■ Recorded data
Lemma path_pentagon (A X C D E : Ob B) (k : path B D E) (h : path B C D)
  (g : path B X C) (f : path B A X) :
  path_hc2 (gid (eval k)) (cell_of_eq (C := path_hom A D) (pcatA h g f))
  ∘ (cell_of_eq (C := path_hom A E) (pcatA k (pcat h g) f)
     ∘ path_hc2 (cell_of_eq (C := path_hom X E) (pcatA k h g)) (gid (eval f)))
  = cell_of_eq (C := path_hom A E) (pcatA k h (pcat g f))
    ∘ cell_of_eq (C := path_hom A E) (pcatA (pcat k h) g f).
Proof.
  rewrite !cell_of_eq_path, path_hc2_gid_ecell, path_hc2_ecell_gid. cbn [path_hom gcomp].
  rewrite !ecell_trans. apply ecell_pi.
Qed.

Lemma path_triangle (A X C : Ob B) (g : path B X C) (f : path B A X) :
  path_hc2 (g := g) (f := pcat (pnil X) f) (gid (eval g)) (gid (eval f))
  ∘ cell_of_eq (C := path_hom A C) (pcatA g (pnil X) f)
  = path_hc2 (cell_of_eq (C := path_hom X C) (pcat_nil g)) (gid (eval f)).
Proof.
  rewrite !cell_of_eq_path, path_hc2_id, path_hc2_ecell_gid. cbn [path_hom gcomp].
  rewrite gcomp_id_l. apply ecell_pi.
Qed.

Lemma path_zigzag (X Y : Ob B) (f : path B X Y) :
  cell_of_eq (C := path_hom X Y) (pcat_nil f)
  ∘ (path_hc2 (g := f) (f := pcat (path_inv f) f) (f' := pnil X) (gid (eval f)) (ev (eval f))
     ∘ (cell_of_eq (C := path_hom X Y) (pcatA f (path_inv f) f)
        ∘ path_hc2 (g := pnil Y) (g' := pcat f (path_inv f)) (f := f) (f' := f)
            (path_co f) (gid (eval f)))) = gid (eval f).
Proof.
  rewrite !cell_of_eq_path, ecell_pcat_nil, ecell_pcatA. unfold path_hc2, path_co.
  rewrite !eval_cat_inv. unfold path_inv. simpl.
  gsimp. rewrite hc2_gcompl'. gsimp. rewrite hc2_gcompl'. gsimp.
  rewrite (eq_gcomp2 (assoc_nat (gid (eval f)) (ginv (ru (inv1 (eval f)))) (gid (eval f)))).
  gsimp.
  rewrite (hc2_merge (gid (eval f)) (gid (eval f)) (hc2 (ru (inv1 (eval f))) (gid (eval f)))
             (hc2 (ginv (ru (inv1 (eval f)))) (gid (eval f)))).
  rewrite <- hc2_comp, ginv_r, !gcomp_id_l, !hc2_id, gcomp_id_l.
  rewrite (eq_gcomp4 (zigzag (eval f))). apply ginv_r.
Qed.

Definition strictify : Bigroupoid.
Proof.
  refine {| Ob := Ob B; Hom := path_hom;
    hc := fun A X C g f => pcat g f;
    hc2 := fun A X C g g' f f' b a => path_hc2 b a;
    one := fun A => pnil A;
    inv1 := fun A X p => path_inv p;
    inv2 := fun A X f f' a => hc2 (inv2 a) (gid (one X));
    assoc := fun A X C D h g f => cell_of_eq (C := path_hom A D) (pcatA h g f);
    lu := fun A X f => gid (eval f);
    ru := fun A X f => cell_of_eq (C := path_hom A X) (pcat_nil f);
    ev := fun A X f => ev (eval f);
    co := fun A X f => path_co f |}.
  - intros; apply path_hc2_id.
  - intros; apply path_hc2_comp.
  - intros; cbn. rewrite inv2_id. apply hc2_id.
  - intros; cbn. rewrite inv2_comp. apply hc2_gcompl_gid.
  - intros. rewrite !cell_of_eq_path. apply path_assoc_nat.
  - intros. apply path_lu_nat.
  - intros. apply path_ru_nat.
  - intros. apply path_ev_nat.
  - intros. apply path_co_nat.
  - intros. apply path_pentagon.
  - intros. apply path_triangle.
  - intros. apply path_zigzag.
Defined.

Lemma strictify_AU : IsAU strictify.
Proof.
  split; [|split].
  - intros. exists (pcatA h g f). reflexivity.
  - intros. exists eq_refl. reflexivity.
  - intros. exists (pcat_nil f). reflexivity.
Qed.

End StrictBigroupoid.

Section Biequivalences.
Variable B : Bigroupoid.

Definition eval_functor (X Y : Ob B) : Functor (path_hom X Y) (Hom X Y).
Proof.
  refine (@Build_Functor (path_hom X Y) (Hom X Y) (@eval B X Y) (fun p q b => b) _ _);
    reflexivity.
Defined.

Definition single_functor (X Y : Ob B) : Functor (Hom X Y) (path_hom X Y).
Proof.
  refine (@Build_Functor (Hom X Y) (path_hom X Y) (fun g => pcons g (pnil X))
            (fun g g' b => hc2 b (gid (one X))) _ _).
  - intros. apply hc2_id.
  - intros. apply hc2_gcompl_gid.
Defined.

Lemma single_eval_iso (X Y : Ob B) :
  inhabited (NatIso (comp_functor (single_functor X Y) (eval_functor X Y))
                    (id_functor (path_hom X Y))).
Proof.
  constructor.
  refine (@Build_NatIso _ _ (comp_functor (single_functor X Y) (eval_functor X Y))
            (id_functor (path_hom X Y)) (fun p : path B X Y => ru (eval p)) _).
  intros. apply ru_nat.
Qed.

Lemma eval_single_iso (X Y : Ob B) :
  inhabited (NatIso (comp_functor (eval_functor X Y) (single_functor X Y))
                    (id_functor (Hom X Y))).
Proof.
  constructor.
  refine (@Build_NatIso _ _ (comp_functor (eval_functor X Y) (single_functor X Y))
            (id_functor (Hom X Y)) (fun g => ru g) _).
  intros. apply ru_nat.
Qed.

Definition eval_morphism : Morphism (strictify B) B.
Proof.
  refine (@Build_Morphism (strictify B) B (fun X => X) eval_functor
    (fun X Y Z (g : path B Y Z) (f : path B X Y) => eval_cat g f) _
    (fun X => gid (one X)) (fun X Y (f : path B X Y) => ginv (ru (inv1 (eval f))))
    _ _ _ _ _ _).
  - intros. apply path_hc2_eval_cat.
  - intros. apply ru_nat_inv.
  - intros. cbn. rewrite cell_of_eq_path. symmetry. apply eval_catA.
  - intros. cbn. rewrite hc2_id, gcomp_id_r, cell_of_eq_path. apply eval_cat_nil.
  - intros. cbn. rewrite hc2_id, gcomp_id_r. apply gcomp_id_l.
  - intros. cbn. rewrite triangle, <- hc2_comp, ginv_r, gcomp_id_l, hc2_id, gcomp_id_r,
      gcomp_id_l. reflexivity.
  - intros. cbn. unfold path_co. rewrite gcomp_id_r. reflexivity.
Defined.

■ Problem statement
Down to the last line, repeat the data exactly.

■ Exercise result
Lemma path_pentagon (A X C D E : Ob B) (k : path B D E) (h : path B C D)
  (g : path B X C) (f : path B A X) :
  path_hc2 (gid (eval k)) (cell_of_eq (C := path_hom A D) (pcatA h g f))
  ∘ (cell_of_eq (C := path_hom A E) (pcatA k (pcat h g) f)
     ∘ path_hc2 (cell_of_eq (C := path_hom X E) (pcatA k h g)) (gid (eval f)))
  = cell_of_eq (C := path_hom A E) (pcatA k h (pcat g f))
    ∘ cell_of_eq (C := path_hom A E) (pcatA (pcat k h) g f).
Proof.
  rewrite !cell_of_eq_path, path_hc2_gid_ecell, path_hc2_ecell_gid. cbn [path_hom gcomp].
  rewrite !ecell_trans. apply ecell_pi.
Qed.

Lemma path_triangle (A X C : Ob B) (g : path B X C) (f : path B A X) :
  path_hc2 (g := g) (f := pcat (pnil X) f) (gid (eval g)) (gid (eval f))
  ∘ cell_of_eq (C := path_hom A C) (pcatA g (pnil X) f)
  = path_hc2 (cell_of_eq (C := path_hom X C) (pcat_nil g)) (gid (eval f)).
Proof.
  rewrite !cell_of_eq_path, path_hc2_id, path_hc2_ecell_gid. cbn [path_hom gcomp].
  rewrite gcomp_id_l. apply ecell_pi.
Qed.

Lemma path_zigzag (X Y : Ob B) (f : path B X Y) :
  cell_of_eq (C := path_hom X Y) (pcat_nil f)
  ∘ (path_hc2 (g := f) (f := pcat (path_inv f) f) (f' := pnil X) (gid (eval f)) (ev (eval f))
     ∘ (cell_of_eq (C := path_hom X Y) (pcatA f (path_inv f) f)
        ∘ path_hc2 (g := pnil Y) (g' := pcat f (path_inv f)) (f := f) (f' := f)
            (path_co f) (gid (eval f)))) = gid (eval f).
Proof.
  rewrite !cell_of_eq_path, ecell_pcat_nil, ecell_pcatA. unfold path_hc2, path_co.
  rewrite !eval_cat_inv. unfold path_inv. simpl.
  gsimp. rewrite hc2_gcompl'. gsimp. rewrite hc2_gcompl'. gsimp.
  rewrite (eq_gcomp2 (assoc_nat (gid (eval f)) (ginv (ru (inv1 (eval f)))) (gid (eval f)))).
  gsimp.
  rewrite (hc2_merge (gid (eval f)) (gid (eval f)) (hc2 (ru (inv1 (eval f))) (gid (eval f)))
             (hc2 (ginv (ru (inv1 (eval f)))) (gid (eval f)))).
  rewrite <- hc2_comp, ginv_r, !gcomp_id_l, !hc2_id, gcomp_id_l.
  rewrite (eq_gcomp4 (zigzag (eval f))). apply ginv_r.
Qed.

Definition strictify : Bigroupoid.
Proof.
  refine {| Ob := Ob B; Hom := path_hom;
    hc := fun A X C g f => pcat g f;
    hc2 := fun A X C g g' f f' b a => path_hc2 b a;
    one := fun A => pnil A;
    inv1 := fun A X p => path_inv p;
    inv2 := fun A X f f' a => hc2 (inv2 a) (gid (one X));
    assoc := fun A X C D h g f => cell_of_eq (C := path_hom A D) (pcatA h g f);
    lu := fun A X f => gid (eval f);
    ru := fun A X f => cell_of_eq (C := path_hom A X) (pcat_nil f);
    ev := fun A X f => ev (eval f);
    co := fun A X f => path_co f |}.
  - intros; apply path_hc2_id.
  - intros; apply path_hc2_comp.
  - intros; cbn. rewrite inv2_id. apply hc2_id.
  - intros; cbn. rewrite inv2_comp. apply hc2_gcompl_gid.
  - intros. rewrite !cell_of_eq_path. apply path_assoc_nat.
  - intros. apply path_lu_nat.
  - intros. apply path_ru_nat.
  - intros. apply path_ev_nat.
  - intros. apply path_co_nat.
  - intros. apply path_pentagon.
  - intros. apply path_triangle.
  - intros. apply path_zigzag.
Defined.

Lemma strictify_AU : IsAU strictify.
Proof.
  split; [|split].
  - intros. exists (pcatA h g f). reflexivity.
  - intros. exists eq_refl. reflexivity.
  - intros. exists (pcat_nil f). reflexivity.
Qed.

End StrictBigroupoid.

Section Biequivalences.
Variable B : Bigroupoid.

Definition eval_functor (X Y : Ob B) : Functor (path_hom X Y) (Hom X Y).
Proof.
  refine (@Build_Functor (path_hom X Y) (Hom X Y) (@eval B X Y) (fun p q b => b) _ _);
    reflexivity.
Defined.

Definition single_functor (X Y : Ob B) : Functor (Hom X Y) (path_hom X Y).
Proof.
  refine (@Build_Functor (Hom X Y) (path_hom X Y) (fun g => pcons g (pnil X))
            (fun g g' b => hc2 b (gid (one X))) _ _).
  - intros. apply hc2_id.
  - intros. apply hc2_gcompl_gid.
Defined.

Lemma single_eval_iso (X Y : Ob B) :
  inhabited (NatIso (comp_functor (single_functor X Y) (eval_functor X Y))
                    (id_functor (path_hom X Y))).
Proof.
  constructor.
  refine (@Build_NatIso _ _ (comp_functor (single_functor X Y) (eval_functor X Y))
            (id_functor (path_hom X Y)) (fun p : path B X Y => ru (eval p)) _).
  intros. apply ru_nat.
Qed.

Lemma eval_single_iso (X Y : Ob B) :
  inhabited (NatIso (comp_functor (eval_functor X Y) (single_functor X Y))
                    (id_functor (Hom X Y))).
Proof.
  constructor.
  refine (@Build_NatIso _ _ (comp_functor (eval_functor X Y) (single_functor X Y))
            (id_functor (Hom X Y)) (fun g => ru g) _).
  intros. apply ru_nat.
Qed.

Definition eval_morphism : Morphism (strictify B) B.
Proof.
  refine (@Build_Morphism (strictify B) B (fun X => X) eval_functor
    (fun X Y Z (g : path B Y Z) (f : path B X Y) => eval_cat g f) _
    (fun X => gid (one X)) (fun X Y (f : path B X Y) => ginv (ru (inv1 (eval f))))
    _ _ _ _ _ _).
  - intros. apply path_hc2_eval_cat.
  - intros. apply ru_nat_inv.
  - intros. cbn. rewrite cell_of_eq_path. symmetry. apply eval_catA.
  - intros. cbn. rewrite hc2_id, gcomp_id_r, cell_of_eq_path. apply eval_cat_nil.
  - intros. cbn. rewrite hc2_id, gcomp_id_r. apply gcomp_id_l.
  - intros. cbn. rewrite triangle, <- hc2_comp, ginv_r, gcomp_id_l, hc2_id, gcomp_id_r,
      gcomp_id_l. reflexivity.
  - intros. cbn. unfold path_co. rewrite gcomp_id_r. reflexivity.
Defined.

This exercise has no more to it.